The futurize package allows you to easily turn sequential code
into parallel code by piping the sequential code to the futurize()
function. Easy!
library(futurize)
plan(multisession)
library(lme4)
gm <- glmer(cbind(incidence, size - incidence) ~ period + (1 | herd),
data = cbpp, family = binomial)
gm_all <- allFit(gm) |> futurize()
This vignette demonstrates how to use this approach to parallelize lme4
functions such as allFit() and bootMer().
The lme4 package fits linear and generalized linear mixed-effects
models. Its allFit() function fits models using all available
optimizers to check for convergence issues, and bootMer() performs
parametric bootstrap inference. Both are excellent candidates for
parallelization.
The allFit() function fits a model with each available optimizer,
which can be done in parallel:
library(lme4)
## Fit a generalized linear mixed model
gm <- glmer(cbind(incidence, size - incidence) ~ period + (1 | herd),
data = cbpp, family = binomial)
## Try all available optimizers
gm_all <- allFit(gm)
Here allFit() evaluates sequentially, but we can easily make it
evaluate in parallel by piping to futurize():
library(futurize)
library(lme4)
gm <- glmer(cbind(incidence, size - incidence) ~ period + (1 | herd),
data = cbpp, family = binomial)
gm_all <- allFit(gm) |> futurize()
This will distribute the optimizer fits across the available parallel workers, given that we have set up parallel workers, e.g.
plan(multisession)
Unlike other parallel backends in R, futurize() relays standard
output, messages, and warnings produced by the parallel workers back
to your main R session. For instance, when running the above, you
will see the progress output from each optimizer as it completes:
> gm_all <- allFit(gm) |> futurize()
bobyqa : [OK]
Nelder_Mead : [OK]
nlminbwrap : [OK]
nmkbw : [OK]
optimx.L-BFGS-B : [OK]
nloptwrap.NLOPT_LN_NELDERMEAD : [OK]
nloptwrap.NLOPT_LN_BOBYQA : [OK]
This output originates from the parallel workers and is relayed to your R session, so you get the same informative feedback as when running sequentially.

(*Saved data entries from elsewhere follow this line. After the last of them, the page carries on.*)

(* Consider an asynchronous execution of the Arrow protocol for a set of requests $R$ on a tree $T$ (extended by virtual broadcast messages), with requests indexed $r_0,r_1,\dots$ in the resulting queueing order, and let $r_i,r_j$ be requests with $i<j$. Then (1) $t_i-t_j\le d_T(v_i,v_j)$, and (2) if $i\ge1$, $t_i+\Delta(r_i,v_{i-1})\le t_j+d_T(v_{i-1},v_j)$.
   Context: Requests $r_i=(v_i,t_i)$ are issued at node $v_i$ at time $t_i\ge0$; $r_0=(v_0,0)$ is a dummy request; $d_T$ is weighted tree distance. Arrow protocol on $T$: each node $u$ has a pointer $\mathrm{link}(u)$ (itself or a neighbour), initially pointing towards $v_0$ with $\mathrm{link}(v_0)=v_0$. When $r$ is issued at $v$: if $\mathrm{link}(v)=v$, $r$ is queued behind the previous request at $v$; otherwise atomically $\mathrm{find}(r)$ (''find predecessor'') is sent to $\mathrm{link}(v)$ and $\mathrm{link}(v):=v$. When $u$ receives $\mathrm{find}(r)$ from $w$: if $\mathrm{link}(u)=u$, atomically $r$ is queued behind the last request issued at $u$ and $\mathrm{link}(u):=w$; otherwise it is atomically forwarded to $\mathrm{link}(u)$ and $\mathrm{link}(u):=w$. Asynchronous: each delay over edge $e$ is at most the weight $w(e)$. Virtual extension: the ''find predecessor'' message of each request is additionally broadcast to the whole tree by virtual messages not influencing the protocol; virtual messages over edge $e$ have delay exactly $w(e)$, and at simultaneous arrival real messages are processed first. $\Delta(r,u)$ is the time the ''find predecessor'' message of $r$ needs from its issue to reach node $u$. *)

From HB Require Import structures.
From mathcomp Require Import all_boot all_order all_algebra.
Set Implicit Arguments. Unset Strict Implicit. Unset Printing Implicit Defensive.
Import Order.TTheory GRing.Theory Num.Theory.
Local Open Scope ring_scope.

Section ArrowDefs.
Variables (R : realFieldType) (V : finType).

Definition simple_path (adj : rel V) (u : V) (p : seq V) (v : V) : bool :=
  [&& path adj u p, last u p == v & uniq (u :: p)].

Definition is_tree (adj : rel V) : Prop :=
  forall u v : V, exists! p, simple_path adj u p v.

Fixpoint path_weight (w : V -> V -> R) (u : V) (p : seq V) : R :=
  if p is x :: p' then w u x + path_weight w x p' else 0.

Definition weighted_tree (adj : rel V) (w : V -> V -> R) : Prop :=
  [/\ forall u v, adj u v = adj v u,
      irreflexive adj,
      forall u v, adj u v -> 0 < w u v,
      forall u v, adj u v -> w u v = w v u
    & is_tree adj].

Definition is_tree_dist (adj : rel V) (w : V -> V -> R) (d : V -> V -> R) : Prop :=
  forall u v p, simple_path adj u p v -> d u v = path_weight w u p.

The built-in multisession backend parallelizes on your local
computer and works on all operating systems. There are other
parallel backends to choose from, including alternatives to
parallelize locally as well as distributed across remote machines,
e.g.
plan(future.mirai::mirai_multisession)
and
plan(future.batchtools::batchtools_slurm)

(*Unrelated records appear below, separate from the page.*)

(* Let $t(x_1,\dots,x_n)$ be any Łukasiewicz $\mu$-term. For every input vector $\vec r=(r_1,\dots,r_n)\in[0,1]^n$, the evaluation algorithm described in the context terminates with a conditioned linear expression $C_{\vec r}\vdash e_{\vec r}$ in variables $x_1,\dots,x_n$ satisfying (P1) $C_{\vec r}(\vec r)$ is true, and (P2) for all $\vec s\in\mathbb R^n$, if $C_{\vec r}(\vec s)$ is true then $\vec s\in[0,1]^n$ and $e_{\vec r}(\vec s)=t(\vec s)$. Moreover, the set $\{C_{\vec r}\vdash e_{\vec r}\mid\vec r\in[0,1]^n\}$ of possible results is finite, and hence is a system of conditioned linear expressions representing the function $t:[0,1]^n\to[0,1]$.
   Context: Łukasiewicz $\mu$-terms: $t::=x\mid\underline0\mid\underline1\mid r\,t\mid t\sqcup t\mid t\sqcap t\mid t\oplus t\mid t\odot t\mid\mu x.t\mid\nu x.t$, with $r\in[0,1]$ real; $\mu,\nu$ bind. $t(x_1,\dots,x_n)$ means free variables are among $x_1,\dots,x_n$. Value at $\vec r\in[0,1]^n$: $x_i\mapsto r_i$, $\underline0\mapsto0$, $\underline1\mapsto1$, $r\,t\mapsto r\cdot t(\vec r)$, $\sqcup,\sqcap$ max/min, $t_1\oplus t_2\mapsto\min(t_1(\vec r)+t_2(\vec r),1)$, $t_1\odot t_2\mapsto\max(t_1(\vec r)+t_2(\vec r)-1,0)$, $(\mu y.t)(\vec r)$ and $(\nu y.t)(\vec r)$ the least and greatest fixed points of the monotone map $r'\mapsto t(\vec r,r')$ on $[0,1]$. A linear expression in $x_1,\dots,x_n$ is $q_1x_1+\dots+q_nx_n+q$ ($q_i,q$ real). A conditioned linear expression $C\vdash e$ consists of a linear expression $e$ and a finite set $C$ of inequalities $e_1<e_2$ or $e_1\le e_2$ between linear expressions; $C(\vec r)$ is the conjunction of its instances. A finite set $\mathcal F$ of conditioned linear expressions represents $f:[0,1]^n\to[0,1]$ if for every $\vec r\in[0,1]^n$ some $(C\vdash e)\in\mathcal F$ has $C(\vec r)$ true, and whenever $(C\vdash e)\in\mathcal F$ and $C(\vec r)$ is true ($\vec r\in[0,1]^n$), $e(\vec r)=f(\vec r)$. For an expression/constraint in $x_1,\dots,x_{n+1}$, $C(x_1,\dots,x_n,d)$ denotes substitution of a linear expression $d(x_1,\dots,x_n)$ for $x_{n+1}$. The algorithm (real-number model of computation) on input $t(x_1,\dots,x_n)$ and $\vec r$ returns $C\vdash e$, recursively on $t$. Atoms: return the range constraints $\{0\le x_k\le1\}_k$ with $e$ equal to $x_i$, $0$ or $1$. For compound non-fixed-point terms, recursively obtain $C_i\vdash e_i$ for the subterms and return the union of the $C_i$ together with the constraint selecting the linear piece of the connective valid at $\vec r$; e.g. for $t_1\oplus t_2$: if $e_1(\vec r)+e_2(\vec r)\le1$ return $C_1,C_2,e_1+e_2\le1\vdash e_1+e_2$, otherwise $C_1,C_2,e_1+e_2\ge1\vdash 1$ (analogously for $\sqcup,\sqcap,\odot$; for $r\,t_1$ return $C_1\vdash r e_1$). For $\mu x_{n+1}.t'$: start with $D=\emptyset$, $d=0$. Loop: recursively compute $t'$ at $(\vec r,d(\vec r))$ as $C\vdash e$ with $e=q_1x_1+\dots+q_nx_n+q_{n+1}x_{n+1}+q$. If $q_{n+1}\ne1$, let $f=\frac1{1-q_{n+1}}(q_1x_1+\dots+q_nx_n+q)$; if $C(\vec r,f(\vec r))$ holds, return $D\cup C(\vec x,d(\vec x))\cup C(\vec x,f(\vec x))\vdash f$; otherwise let $N$ be the negation of $e_1(\vec x,f(\vec x))\vartriangleleft e_2(\vec x,f(\vec x))$ for a chosen inequality $e_1\vartriangleleft e_2$ of $C$ false at $(\vec r,f(\vec r))$, and go to the next-approximation step. If $q_{n+1}=1$: if $q_1r_1+\dots+q_nr_n+q=0$ return $D\cup C(\vec x,d(\vec x))\cup\{q_1x_1+\dots+q_nx_n+q=0\}\vdash d$; otherwise let $N$ be whichever of $q_1x_1+\dots+q_nx_n+q<0$, $0<q_1x_1+\dots+q_nx_n+q$ holds at $\vec r$, and go to the next-approximation step. Next approximation: write $C$ as $C'\cup\{x_{n+1}>a_i\}\cup\{x_{n+1}\ge a_i\}\cup\{x_{n+1}\le b_i\}_{1\le i\le m'}\cup\{x_{n+1}<b_i\}_{m'<i\le m}$ with $C',a_i,b_i$ not involving $x_{n+1}$; choose $j$ with $b_j(\vec r)\le b_i(\vec r)$ for all $i\le m$; replace $D$ by $D\cup C(\vec x,d(\vec x))\cup\{N\}\cup\{b_j\le b_i\mid1\le i\le m\}$ and $d$ by $e(\vec x,b_j(\vec x))$, and repeat the loop. For $\nu x_{n+1}.t'$ the algorithm is the order-dual (start from $d=1$, use the lower bounds $a_i$, choosing $a_j$ maximal at $\vec r$). *)

From Stdlib Require Import Reals Lra List.
Import ListNotations.
Open Scope R_scope.

(** * Lukasiewicz mu-terms (de Bruijn *levels*: [TVar i] is x_(i+1); in a
    context of n free variables, [TMu t] / [TNu t] bind x_(n+1), i.e. level n,
    inside t). *)
Inductive term : Type :=
| TVar : nat -> term
| TZero : term
| TOne : term
| TScale : R -> term -> term
| TJoin : term -> term -> term
| TMeet : term -> term -> term
| TOplus : term -> term -> term
| TOdot : term -> term -> term
| TMu : term -> term
| TNu : term -> term.

Fixpoint wf (n : nat) (t : term) : Prop :=
  match t with
  | TVar i => (i < n)%nat
  | TZero | TOne => True
  | TScale r t1 => 0 <= r <= 1 /\ wf n t1
  | TJoin a b | TMeet a b | TOplus a b | TOdot a b => wf n a /\ wf n b
  | TMu t1 | TNu t1 => wf (S n) t1
  end.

The bootMer() function performs parametric bootstrap inference on
fitted models:
library(futurize)
plan(multisession)
library(lme4)
## Fit a linear mixed model
fm <- lmer(Reaction ~ Days + (Days | Subject), data = sleepstudy)
## Bootstrap the fixed-effect coefficients
boot_coef <- function(model) fixef(model)
b <- bootMer(fm, boot_coef, nsim = 100) |> futurize()
The following lme4 functions are supported by futurize():
allFit()bootMer()influence() for 'merMod'profile() for 'merMod'For comparison, here is what it takes to parallelize bootMer()
using the parallel package directly, without futurize:
library(lme4)
library(parallel)
## Fit a linear mixed model
fm <- lmer(Reaction ~ Days + (Days | Subject), data = sleepstudy)
## Set up a PSOCK cluster
ncpus <- 4L
cl <- makeCluster(ncpus)
## Bootstrap the fixed-effect coefficients
boot_coef <- function(model) fixef(model)
b <- bootMer(fm, boot_coef, nsim = 100,
parallel = "snow", ncpus = ncpus, cl = cl)
## Tear down the cluster
stopCluster(cl)
This requires you to manually create and manage the cluster
lifecycle. If you forget to call stopCluster(), or if your code
errors out before reaching it, you leak background R processes. You
also have to decide upfront how many CPUs to use and what cluster
type to use. Switching to another parallel backend, e.g. a Slurm
cluster, would require a completely different setup. With
futurize, all of this is handled for you - just pipe to
futurize() and control the backend with plan().